In the middle of the square, she saw a young unicorn strain with all his might to fight the madness, as he summoned a ball of magical energy that grew quite large, quite quickly. Princess Luna’s heart leapt with hope at seeing the tenacity of the citizens of Ponyville, seeing that all was not lost and Ponyville was not condemned—then, the ball exploded in a bright purple flash. Princess Luna ducked behind the carriage, but not before she saw the explosion send the young unicorn flying into a nearby building, punching through its brick wall, and leaving a hole in the shape of the pony’s body. Immediately afterwards, the building began to evaporate, like steam off of a boiling pot, until it had completely vanished, as if it had never stood.

The pegasi would simply fly straight into the aforementioned improbably placed obstacles repeatedly, like insects, as if their minds could not accept the existence of such an obstacle in that place and in that time—while others would fly loops in the air, taking no heed of their airspeed or pitch while all four of their legs flailed impotently, like an ant that had been cruelly knocked over for a larger animal’s entertainment.

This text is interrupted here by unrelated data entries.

Lemma bump_pos_cell s y : 0 < bump s y -> cell (snd s) (fst s) y.
Proof.
  intros H. apply NNPP. intros Hout.
  assert (bump s y <= d y y) by (apply (proj1 (bump_spec s y)); right; eauto).
  rewrite d_refl in *. lra.
Qed.

Lemma cell_bump_pos s y : cell (snd s) (fst s) y -> 0 < bump s y.
Proof.
  intros Hc. destruct (cell_open _ _ _ Hc) as [rho [Hrho Hball]].
  assert (Rmin 1 rho <= bump s y).
  { apply (proj2 (bump_spec s y)). intros t [->|[z [Hz ->]]]; [apply Rmin_l|].
    destruct (Rle_or_lt rho (d y z)). { pose proof (Rmin_r 1 rho). lra. }
    exfalso. apply Hz. auto. }
  pose proof (Rmin_pos 1 rho ltac:(lra) Hrho). lra.
Qed.

Definition local_cover (x : X) (p : R * list (X * nat)) : Prop :=
  0 < fst p /\ NoDup (snd p) /\ forall b i y, d x y < fst p -> cell i b y -> In (b, i) (snd p).

Definition local_data (x : X) : R * list (X * nat) :=
  epsilon (inhabits (1, [])) (local_cover x).

Lemma local_data_spec x : local_cover x (local_data x).
Proof.
  unfold local_data. apply epsilon_spec.
  destruct (cells_locally_finite x) as [rho [Hrho [L [ND HL]]]]. exists (rho, L). split; auto.
Qed.

Notation radius x := (fst (local_data x)).
Notation cells_near x := (snd (local_data x)).

Lemma bump_support x y s : d x y < radius x -> bump s y <> 0 -> In s (cells_near x).
Proof.
  intros Hy Hs. destruct s as [b i]. apply (proj2 (proj2 (local_data_spec x)) b i y Hy).
  apply (bump_pos_cell (b, i) y). pose proof (bump_nonneg (b, i) y). lra.
Qed.

Lemma bumps_sum_near x y :
  d x y < radius x -> has_sum (fun s => bump s y) (fin_sum (fun s => bump s y) (cells_near x)).
Proof.
  intros Hy. apply has_sum_fin; [intros; apply bump_nonneg|apply local_data_spec|].
  intros s Hs. exact (bump_support x y s Hy Hs).
Qed.

Lemma radius_pos x : 0 < radius x.
Proof. apply local_data_spec. Qed.

Lemma self_in_radius x : d x x < radius x.
Proof. rewrite d_refl. apply radius_pos. Qed.

Definition bump_total (x : X) : R := fin_sum (fun s => bump s x) (cells_near x).

Lemma bump_total_near x y :
  d x y < radius x -> bump_total y = fin_sum (fun s => bump s y) (cells_near x).
Proof.
  intros Hy. apply (has_sum_unique (fun s => bump s y)).
  - apply bumps_sum_near, self_in_radius.
  - apply bumps_sum_near; auto.
Qed.

Lemma bump_le_total s x : bump s x <= bump_total x.
Proof.
  destruct (Req_dec (bump s x) 0) as [E|E].
  - rewrite E. apply fin_sum_nonneg. intros; apply bump_nonneg.
  - apply (fin_sum_In (fun s => bump s x)); [intros; apply bump_nonneg|].
    apply (bump_support x x s); auto using self_in_radius.
Qed.

Lemma bump_total_pos x : 0 < bump_total x.
Proof.
  destruct (cells_cover x) as [n [b H]]. pose proof (cell_bump_pos (b, n) x H).
  pose proof (bump_le_total (b, n) x). lra.
Qed.

Definition stone_pu (s : X * nat) (x : X) : R := bump s x / bump_total x.

Lemma stone_pu_bounds s x : 0 <= stone_pu s x <= 1.
Proof.
  unfold stone_pu. pose proof (bump_total_pos x). pose proof (bump_nonneg s x).
  pose proof (bump_le_total s x). split.
  - unfold Rdiv. apply Rmult_le_pos; [lra|left; apply Rinv_0_lt_compat; lra].
  - apply Rmult_le_reg_r with (bump_total x); auto. unfold Rdiv.
    rewrite Rmult_assoc, Rinv_l by lra. lra.
Qed.

Lemma stone_pu_support x y s : d x y < radius x -> stone_pu s y <> 0 -> In s (cells_near x).
Proof.
  intros Hy Hs. apply (bump_support x y s Hy). intros E. apply Hs. unfold stone_pu.
  rewrite E. unfold Rdiv. ring.
Qed.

When she looked at where Ponyville City Hall once stood, she fully came to realize the living nightmare she was in. The building had fractured into four pieces: one part lay in the sticky ground—which she now evaluated to be mix of cotton candy and soap suds; two other parts were floating in the air, and the third part was lodged into a neighboring building which had now just spontaneously burst into a wall of dark blue flame.

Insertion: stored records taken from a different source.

Lemma psum_tail_S K :
  psum (fun j => tail pz (S j)) K = psum (fun k => INR k * pz k) K + INR K * tail pz K.
Proof.
  induction K as [|K IH]; [unfold tail; simpl; lra|].
  rewrite !psum_S, IH. unfold tail. rewrite psum_S, S_INR. ring.
Qed.

Variable m : R.
Hypothesis hm : infinite_sum (fun k => INR k * pz k) m.

Lemma psum_tail_S_le_mean K : psum (fun j => tail pz (S j)) K <= m.
Proof.
  assert (Hnn : forall k, 0 <= INR k * pz k) by
    (intros k; apply Rmult_le_pos; [apply pos_INR|apply (proj1 hpz)]).
  rewrite psum_tail_S. replace m with (m + INR K * 0) by ring.
  apply (Un_cv_ge_eventually _ (fun L => m + INR K * tail pz L) _ K).
  2: { apply CV_plus; [apply Un_cv_const|]. apply CV_mult; [apply Un_cv_const|apply tail_cv0]. }
  intros L HL.
  assert (H1 : psum (fun k => INR k * pz k) L <= m).
  { apply Rle_trans with (psum (fun k => INR k * pz k) (S L)); [apply psum_mono; auto|].
    rewrite <- sum_f_R0_psum. apply sum_incr; auto. }
  assert (H2 : psum (fun k => INR k * pz k) K + INR K * (psum pz L - psum pz K)
               <= psum (fun k => INR k * pz k) L).
  { replace L with (K + (L - K))%nat by lia. rewrite !psum_add.
    replace (psum pz K + psum (fun j => pz (K + j)%nat) (L - K) - psum pz K)
      with (psum (fun j => pz (K + j)%nat) (L - K)) by ring.
    rewrite <- psum_scal. apply Rplus_le_compat_l, psum_le. intros j _.
    apply Rmult_le_compat_r; [apply (proj1 hpz)|apply le_INR; lia]. }
  unfold tail. lra.
Qed.
End Tail.

Lemma exists_small_tail (z : nat -> R) mu eta :
  (forall j, 0 <= z j) -> (forall K, psum (fun j => z (S j)) K <= mu) -> 0 < eta ->
  exists J0, (1 <= J0)%nat /\
    forall K, psum (fun m => if (J0 <=? m)%nat then z m else 0) K <= eta.
Proof.
  intros zpos Hmu Heta.
  set (Z := fun K => psum (fun j => z (S j)) K).
  assert (Hg : Un_growing Z) by (intros n; unfold Z; rewrite psum_S; specialize (zpos (S n)); lra).
  assert (Hub : has_ub Z) by (exists mu; intros x [n ->]; apply Hmu).
  destruct (growing_cv Z Hg Hub) as [l Hl].
  destruct (Hl (eta / 2)) as [N HN]; [lra|].
  assert (HT : forall K, psum (fun j => if (N <=? j)%nat then z (S j) else 0) K
                         <= Z (Nat.max K N) - Z N).
  { induction K as [|K IH]; [simpl; replace (Nat.max 0 N) with N by lia; lra|].
    rewrite psum_S. destruct (Nat.leb_spec N K).
    - replace (Nat.max (S K) N) with (S (Nat.max K N)) by lia.
      replace (Nat.max K N) with K in * by lia. unfold Z in *. rewrite psum_S. lra.
    - replace (Nat.max (S K) N) with (Nat.max K N) by lia. lra. }
  exists (S N). split; [lia|]. intros K.
  apply Rle_trans with (psum (fun m => if (S N <=? m)%nat then z m else 0) (S K)).
  { apply psum_mono; [|lia]. intros j. destruct (S N <=? j)%nat; auto; lra. }
  rewrite psum_shift. simpl (S N <=? 0)%nat.
  change (psum (fun j => if (S N <=? S j)%nat then z (S j) else 0) K)
    with (psum (fun j => if (N <=? j)%nat then z (S j) else 0) K).
  assert (h1 := HN (Nat.max K N) ltac:(lia)). assert (h2 := HN N ltac:(lia)).
  specialize (HT K). unfold Rdist in *. apply Rabs_def2 in h1. apply Rabs_def2 in h2. lra.
Qed.
Lemma psum_INR_S b : psum (fun m => INR (S m)) b = INR b * INR (S b) / 2.
Proof. induction b as [|b IH]; [simpl; lra|]. rewrite psum_S, IH, !S_INR. lra. Qed.

Definition zflat (z : nat -> R) (J m : nat) : R := z (Nat.max m J).

Definition wnum (z : nat -> R) (J : nat) (A : R) (b : nat) : R :=
  A + psum (fun m => INR (S m) * zflat z J (S m)) b.

Definition weight (z : nat -> R) (J : nat) (A : R) (b : nat) : R :=
  wnum z J A b / (INR b * INR (S b)).

Section Weight.
Variable z : nat -> R.
Hypothesis zpos : forall j, 0 <= z j.
Hypothesis zdec : forall j, z (S j) <= z j.
Variable J : nat.
Variable A : R.
Hypothesis Apos : 0 < A.

Lemma zflat_nonneg m : 0 <= zflat z J m.
Proof. apply zpos. Qed.

Lemma zflat_le a b : (a <= b)%nat -> zflat z J b <= zflat z J a.
Proof. intros; unfold zflat; apply nonincreasing_le; auto; lia. Qed.

Lemma wnum_term_nonneg m : 0 <= INR (S m) * zflat z J (S m).
Proof. apply Rmult_le_pos; [apply pos_INR|apply zflat_nonneg]. Qed.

Princess Luna recoiled, expecting a wave of heat, but what she felt was more painful than a wave of energy: she felt no sensation on her body whatsoever.

She listened for the cries for help, but she heard nothing; the only thing she heard was the president’s raucous laughter. She turned to look at him; and the model of him that she had constructed in her mind, a testament to perfection and justice, shattered into a thousand tiny pieces. He stood facing the cataclysm fully, with his arms outspread embracing it.

“You’ve done it!” he shouted. “You did it! Oh, isn’t this beautiful? Simply magnificent! Such disorder! Such chaos!”

Princess Luna saw him turn his head to the sky, close his eyes, and open his mouth—his ugly and mangled tongue stretched out to the sky. She looked away, feeling nauseated at this sight, afraid to look at him again. She summoned all her courage to look back for a second, hoping for the possibility that the dark magic had deceived her with such a cruel sight, and that it was just a fleeting chimera in her mind.

When she looked back, she did not see the remnants of Ponyville or the president, as if those concepts were just replaced by a single glaring one: she saw a monster that rapaciously fed on the pleasure it received from causing depredation on such an enormous scale in such a small amount of time; she saw it pay homage to the vicious magic that he had used to obliterate all of reality; she saw a being that wanted nothing more but to cause the world he lived in to fall into abject disharmony; she saw the love of destruction for the sake of destruction incarnate in a serpentine creature with antlers; she saw the summation of its life and effort finally being realized, and she saw how dark it was; she saw Discord.

She closed her eyes, as they began to swell with tears. If the world was just and good, how could it ever permit such a creature to exist?

She felt something moist hit her cheek. She brought her hoof to her face, wiped it off, and then looked at it: it was chocolate milk.